Surely any O.T.C. would be registered abroad?

Mr. Mitchison

With great respect to the hon. Member, that does not seem to matter. The point is that the state of affairs I have indicated could exist under the provisions of the Bill and the principal company and one, but not both, of those subsidiaries could be an O.T.C. I hope the hon. Member and the Committee as a whole will realise that that opens the door very widely. For instance, it is possible in those circumstances for the principal company to influence and, in effect, to control transactions between the two subsidiaries in such a way as to give a considerable advantage by way of tax relief where that advantage is not intended to be given.

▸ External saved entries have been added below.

Lemma chunk_of_bounds x p : start x <= p < start x + k -> p %/ k = chunk x.
Proof.
rewrite /start => /andP [H1 H2].
rewrite -(subnKC H1) divnMDl // divn_small ?addn0 //; lia.
Qed.

Lemma start_eq x y : chunk y == chunk x -> start y = start x.
Proof. by rewrite /start => /eqP ->. Qed.

Lemma start_ge x : 0 < start x -> k <= start x.
Proof. by rewrite /start; case: (chunk x) => // c _; rewrite mulSn leq_addr. Qed.

Lemma card_chunk x : #|[set y | chunk y == chunk x]| <= k.
Proof.
apply: leq_trans (card_pos (s := iota (start x) k) _) _; last by rewrite size_iota.
by move=> y Hy; rewrite mem_iota; exact: chunk_bounds.
Qed.

Section FullChunk.
Variables (x : V) (Q : pred V).
Hypothesis many : m < #|[set y | (chunk y == chunk x) && Q y]|.

Lemma full_chunk_all y : chunk y == chunk x -> Q y.
Proof.
move=> Hy; apply: contraLR many => HQ; rewrite -leqNgt -ltnS.
apply: leq_trans (card_chunk x); apply: proper_card; apply/properP; split.
  by apply/subsetP => z; rewrite !inE => /andP [].
by exists y; rewrite !inE ?Hy // (negbTE HQ) andbF.
Qed.

Lemma full_chunk_last : exists2 z, Q z & chunk z == chunk x /\ start x + m <= pos z.
Proof.
suff /existsP [z /and3P [? ? ?]] :
    [exists z, [&& Q z, chunk z == chunk x & start x + m <= pos z]] by exists z.
apply: contraLR many; rewrite negb_exists -leqNgt => /forallP Hn.
apply: leq_trans (card_pos (s := iota (start x) m) _) _; last by rewrite size_iota.
move=> y /andP [Hy HQ]; have := Hn y; rewrite HQ Hy /= -ltnNge => Hlt.
by rewrite mem_iota Hlt andbT; have /andP [] := chunk_bounds Hy.
Qed.

End FullChunk.

Definition first_other (x : V) : bool :=
  if x is Some p then other (tag p) && (val (tagged p) == 0) else false.
Definition second_other (x : V) : bool :=
  if x is Some p then other (tag p) && (val (tagged p) == 1) else false.

Lemma earlier_nbr_first x y : first_other x -> E x y -> pos y < pos x -> hub y.
Proof.
case: x => [[i j]|] //= /andP [/andP [Ha Hb] /eqP Hj0].
case: y => [[i' j']|] //= /sq_edge_near /= [[Hi _]|[_ ->]] //.
move: Hi => /= Hi; subst i'.
by rewrite /pos /= (negbTE Ha) (negbTE Hb) Hj0; lia.
Qed.
(* Let $\Phi:[a,b]\to\mathbb{C}$ be continuous and nowhere zero, and let $X^{(n)}$, $\widetilde X^{(n)}$ ($n\ge 0$) be the $\Phi$-power functions defined below. Then for all $x_0,x\in[a,b]$: $$\widetilde X^{(n)}(x_0,x)=X^{(n)}(x,x_0)\quad\text{for } n \text{ even},$$ and $$\widetilde X^{(n)}(x_0,x)=-\widetilde X^{(n)}(x,x_0),\qquad X^{(n)}(x_0,x)=-X^{(n)}(x,x_0)\quad\text{for } n \text{ odd}.$$
   Context: For $x_0,x\in[a,b]$ the $\Phi$-power functions are defined recursively by $X^{(0)}(x_0,x)\equiv 1$, $\widetilde X^{(0)}(x_0,x)\equiv 1$ and, for $n\ge 1$, $$X^{(n)}(x_0,x)=n\int_{x_0}^x X^{(n-1)}(x_0,\xi)\,\big(\Phi(\xi)\big)^{(-1)^n}\,d\xi,\qquad \widetilde X^{(n)}(x_0,x)=n\int_{x_0}^x \widetilde X^{(n-1)}(x_0,\xi)\,\Big(\frac{1}{\Phi(\xi)}\Big)^{(-1)^n}\,d\xi.$$ *)

From Stdlib Require Import Reals.
From Coquelicot Require Import Coquelicot.
Open Scope R_scope.

Fixpoint Xpow (Phi : R -> C) (n : nat) (x0 x : R) : C :=
  match n with
  | O => RtoC 1
  | S m =>
      Cmult (RtoC (INR (S m)))
        (@RInt C_R_CompleteNormedModule (fun xi : R =>
                 Cmult (Xpow Phi m x0 xi)
                   (if Nat.even (S m) then Phi xi else Cinv (Phi xi)))
              x0 x)
  end.

Definition Xtilde (Phi : R -> C) (n : nat) (x0 x : R) : C :=
  Xpow (fun xi => Cinv (Phi xi)) n x0 x.

Definition continuous_on_ab (a b : R) (Phi : R -> C) : Prop :=
  forall x, a <= x <= b ->
    filterlim Phi (within (fun y => a <= y <= b) (locally x)) (locally (Phi x)).

From Stdlib Require Import Reals Lra Lia Factorial.
From Coquelicot Require Import Coquelicot.
Open Scope R_scope.

(* X^(n)(x0, x) / n! is the iterated integral, over x0 < xi_1 < ... < xi_n < x, of the
   alternating weights 1/Phi, Phi, 1/Phi, ..., and Xtilde^(n) / n! is the same with Phi and
   1/Phi exchanged.  Exchanging the endpoints of an iterated integral reverses the order of
   its weights and multiplies it by (-1)^n.  For n even the reversed weights of X^(n) are
   those of Xtilde^(n); for n odd both weight sequences are palindromes.  The reversal
   formula follows by induction from the recursion in the lower endpoint
   J_(n+1)(s, t) = int_s^t w_0(eta) J'_n(eta, t) d eta, which in turn follows from Chen's
   identity and the exchange of the order of integration over a triangle.  Since Phi is only
   continuous on [a, b], it is first extended to R by clamping. *)

Lemma continuous_Rplus (f g : R -> R) x :
  continuous f x -> continuous g x -> continuous (fun y => f y + g y) x.
Proof. apply (continuous_plus (V := R_NormedModule)). Qed.

Lemma continuous_Rmult (f g : R -> R) x :
  continuous f x -> continuous g x -> continuous (fun y => f y * g y) x.
Proof. apply (continuous_mult (K := R_AbsRing)). Qed.

Lemma continuous_Rminus (f g : R -> R) x :
  continuous f x -> continuous g x -> continuous (fun y => f y - g y) x.
Proof. apply (continuous_minus (V := R_NormedModule)). Qed.

Lemma continuous_Ropp (f : R -> R) x :
  continuous f x -> continuous (fun y => - f y) x.
Proof. apply (continuous_opp (V := R_NormedModule)). Qed.

Lemma continuous_C_fst (f : R -> C) x :
  continuous f x -> continuous (fun y => fst (f y)) x.
Proof. intros Hf; apply continuous_comp; [exact Hf | apply continuous_fst]. Qed.

Lemma continuous_C_snd (f : R -> C) x :
  continuous f x -> continuous (fun y => snd (f y)) x.
Proof. intros Hf; apply continuous_comp; [exact Hf | apply continuous_snd]. Qed.

Lemma continuous_C_components (f : R -> C) x :
  continuous (fun y => fst (f y)) x -> continuous (fun y => snd (f y)) x ->
  continuous f x.
Proof.
  intros H1 H2 P [eps HP].
  assert (Hball : locally x (fun y => ball (fst (f x)) eps (fst (f y))
                                   /\ ball (snd (f x)) eps (snd (f y)))).
  { apply filter_and; [apply H1 | apply H2]; apply locally_ball. }
  unfold filtermap; revert Hball; apply filter_imp; intros y [B1 B2]; now apply HP.
Qed.

Ltac continuous_R :=
  repeat match goal with
  | |- continuous (fun _ => ?c) _ => apply continuous_const
  | |- continuous (fun y => _ + _) _ => apply continuous_Rplus
  | |- continuous (fun y => _ - _) _ => apply continuous_Rminus
  | |- continuous (fun y => _ * _) _ => apply continuous_Rmult
  | |- continuous (fun y => - _) _ => apply continuous_Ropp
  | |- continuous (fun y => fst _) _ => apply continuous_C_fst
  | |- continuous (fun y => snd _) _ => apply continuous_C_snd
  end.

Lemma continuous_Cmult (f g : R -> C) x :
  continuous f x -> continuous g x -> continuous (fun y => (f y * g y)%C) x.
Proof. intros Hf Hg; apply continuous_C_components; simpl; continuous_R; assumption. Qed.

Lemma continuous_Cinv (f : R -> C) x :
  continuous f x -> f x <> RtoC 0 -> continuous (fun y => (/ f y)%C) x.
Proof.
  intros Hf Hnz.
  set (N := fun y => fst (f y) ^ 2 + snd (f y) ^ 2).
  assert (HN : continuous N x) by (unfold N; simpl; continuous_R; assumption).
  assert (HN0 : N x <> 0).
  { unfold N; intro E; apply Hnz; destruct (f x) as [u v]; simpl in E.
    assert (u = 0) by nra; assert (v = 0) by nra; subst; reflexivity. }
  apply continuous_C_components; simpl;
    apply continuous_Rmult; continuous_R; try assumption; now apply (continuous_Rinv_comp N).
Qed.

Lemma Cinv_neq_0 (z : C) : z <> RtoC 0 -> (/ z)%C <> RtoC 0.
Proof.
  intros Hz E; pose proof (Cinv_l z Hz) as H1.
  rewrite E, Cmult_0_l in H1; apply RtoC_inj in H1; lra.
Qed.

Lemma is_RInt_Cmult_l (f : R -> C) a b l c :
  is_RInt f a b l -> is_RInt (fun x => (c * f x)%C) a b (c * l)%C.
Proof.
  intros H.
  pose proof (is_RInt_fct_extend_fst _ _ _ _ H) as H1.
  pose proof (is_RInt_fct_extend_snd _ _ _ _ H) as H2.
  destruct c as [c1 c2]; destruct l as [l1 l2].
  apply is_RInt_fct_extend_pair; simpl in *.
  - apply (is_RInt_minus (V := R_NormedModule)); now apply (is_RInt_scal (V := R_NormedModule)).
  - apply (is_RInt_plus (V := R_NormedModule)); now apply (is_RInt_scal (V := R_NormedModule)).
Qed.

Lemma is_RInt_C_eq (f g : R -> C) a b l l' :
  (forall x, f x = g x) -> l = l' -> is_RInt f a b l -> is_RInt g a b l'.
Proof. intros E <-; apply is_RInt_ext; intros; apply E. Qed.

Lemma ex_RInt_C_continuous (f : R -> C) a b :
  (forall x, continuous f x) -> ex_RInt (V := C_R_CompleteNormedModule) f a b.
Proof. intros Hf; apply ex_RInt_continuous; intros; apply Hf. Qed.

(* The integral occurring in [Xpow], under a name whose type is [C] itself, so that [ring]
   and [field] apply to equations between integrals. *)
Definition CInt (f : R -> C) (a b : R) : C := @RInt C_R_CompleteNormedModule f a b.

Lemma is_RInt_CInt (f : R -> C) a b :
  (forall x, continuous f x) -> is_RInt f a b (CInt f a b).
Proof.
  intros Hf; apply (RInt_correct (V := C_R_CompleteNormedModule)), ex_RInt_C_continuous, Hf.
Qed.

Lemma CInt_ext_on (f g : R -> C) a b :
  (forall x, Rmin a b < x < Rmax a b -> f x = g x) -> CInt f a b = CInt g a b.
Proof. exact (RInt_ext (V := C_R_CompleteNormedModule) f g a b). Qed.

Lemma CInt_ext (f g : R -> C) a b : (forall x, f x = g x) -> CInt f a b = CInt g a b.
Proof. intros E; apply CInt_ext_on; intros; apply E. Qed.

Lemma CInt_mult_l (f : R -> C) a b c :
  (forall x, continuous f x) -> CInt (fun x => (c * f x)%C) a b = (c * CInt f a b)%C.
Proof.
  intros Hf; apply (is_RInt_unique (V := C_R_CompleteNormedModule)), is_RInt_Cmult_l.
  now apply is_RInt_CInt.
Qed.

Lemma CInt_mult_r (f : R -> C) a b c :
  (forall x, continuous f x) -> CInt (fun x => (f x * c)%C) a b = (CInt f a b * c)%C.
Proof.
  intros Hf; rewrite Cmult_comm, <- CInt_mult_l by exact Hf.
  apply CInt_ext; intros; apply Cmult_comm.
Qed.

Lemma CInt_plus (f g : R -> C) a b :
  (forall x, continuous f x) -> (forall x, continuous g x) ->
  CInt (fun x => (f x + g x)%C) a b = (CInt f a b + CInt g a b)%C.
Proof.
  intros Hf Hg; unfold CInt; apply (RInt_plus (V := C_R_CompleteNormedModule));
    now apply ex_RInt_C_continuous.
Qed.

Lemma CInt_Chasles (f : R -> C) a b c :
  (forall x, continuous f x) -> (CInt f a b + CInt f b c)%C = CInt f a c.
Proof.
  intros Hf; unfold CInt; apply (RInt_Chasles (V := C_R_CompleteNormedModule));
    now apply ex_RInt_C_continuous.
Qed.

Lemma CInt_swap (f : R -> C) a b :
  (forall x, continuous f x) -> CInt f b a = (- CInt f a b)%C.
Proof.
  intros Hf; symmetry; unfold CInt; apply (opp_RInt_swap (V := C_R_CompleteNormedModule)).
  now apply ex_RInt_C_continuous.
Qed.

Lemma CInt_opp (f : R -> C) a b :
  (forall x, continuous f x) -> CInt (fun x => (- f x)%C) a b = (- CInt f a b)%C.
Proof.
  intros Hf; unfold CInt; apply (RInt_opp (V := C_R_CompleteNormedModule)).
  now apply ex_RInt_C_continuous.
Qed.

Lemma CInt_point (f : R -> C) a : CInt f a a = RtoC 0.
Proof. exact (RInt_point (V := C_R_CompleteNormedModule) a f). Qed.

Lemma continuous_C_sum_n (f : nat -> R -> C) n x :
  (forall k, (k <= n)%nat -> continuous (f k) x) ->
  continuous (fun y => sum_n (fun k => f k y) n) x.
Proof.
  induction n as [|n IH]; intros Hf.
  - apply (continuous_ext (f 0%nat)); [intros; now rewrite sum_O | apply Hf; lia].
  - apply (continuous_ext (fun y => (sum_n (fun k => f k y) n + f (S n) y)%C)).
    + intros; now rewrite sum_Sn.
    + apply (continuous_plus (V := C_R_NormedModule)); [apply IH; intros |]; apply Hf; lia.
Qed.

Lemma CInt_sum_n (f : nat -> R -> C) n a b :
  (forall k x, (k <= n)%nat -> continuous (f k) x) ->
  CInt (fun x => sum_n (fun k => f k x) n) a b = sum_n (fun k => CInt (f k) a b) n.
Proof.
  induction n as [|n IH]; intros Hf.
  - rewrite sum_O; apply CInt_ext; intros; now rewrite sum_O.
  - rewrite sum_Sn, <- IH by (intros; apply Hf; lia).
    rewrite <- CInt_plus.
    + apply CInt_ext; intros; now rewrite sum_Sn.
    + intros; apply continuous_C_sum_n; intros; apply Hf; lia.
    + intros; apply Hf; lia.
Qed.

Lemma is_derive_CInt (f : R -> C) s x :
  (forall y, continuous f y) -> is_derive (fun y => CInt f s y) x (f x).
Proof.
  intros Hf; apply (is_derive_RInt f _ s x); [| apply Hf].
  apply filter_forall; intros y; now apply is_RInt_CInt.
Qed.

Lemma continuous_CInt_upper (f : R -> C) s x :
  (forall y, continuous f y) -> continuous (fun y => CInt f s y) x.
Proof.
  intros Hf; apply (continuous_RInt_1 f s x).
  apply filter_forall; intros y; now apply is_RInt_CInt.
Qed.

Lemma continuous_CInt_lower (f : R -> C) t x :
  (forall y, continuous f y) -> continuous (fun y => CInt f y t) x.
Proof.
  intros Hf.
  apply (continuous_ext (fun y => Copp (CInt f t y))).
  - intros y; now rewrite (CInt_swap f t y Hf).
  - apply (continuous_opp (V := C_R_NormedModule)), continuous_CInt_upper, Hf.
Qed.

Lemma is_derive_fst_CInt (f : R -> C) s x :
  (forall y, continuous f y) -> is_derive (fun y => fst (CInt f s y)) x (fst (f x)).
Proof.
  intros Hf; apply (is_derive_RInt (fun y => fst (f y)) _ s x).
  - apply filter_forall; intros y; apply is_RInt_fct_extend_fst, is_RInt_CInt, Hf.
  - now apply continuous_C_fst.
Qed.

It is hard enough to control the price at which goods are bought and sold between companies virtually under the same ownership in this country. It becomes even harder to do that when we are dealing with transactions in other countries. In the sort of case I have in mind it would be possible for the O.T.C. subsidiary, having made a very considerable trading profit, instead of distributing it directly back to the principal company, in which case, of course, there would be questions of tax on the dividends, and so on, to transfer those profits to the subsidiary company which is not resident in the United Kingdom and is not subject to English tax law. I cannot see the reason for leaving the door as widely open as it is.

One can exercise a great deal of ingenuity in thinking of cases in which transactions of which no one in the Committee would approve could be worked by virtue of the fact that this Clause is at present exceedingly wide. If I am asked to indicate the point at which I think it is exceedingly wide, I should say that the principal company may have a subsidiary O.T.C. carrying on a trade outside the United Kingdom, but the only limitation on what else it may have besides that is the limitation in sub-paragraph (ii), and that limitaton refers only to companies resident in the United Kingdom.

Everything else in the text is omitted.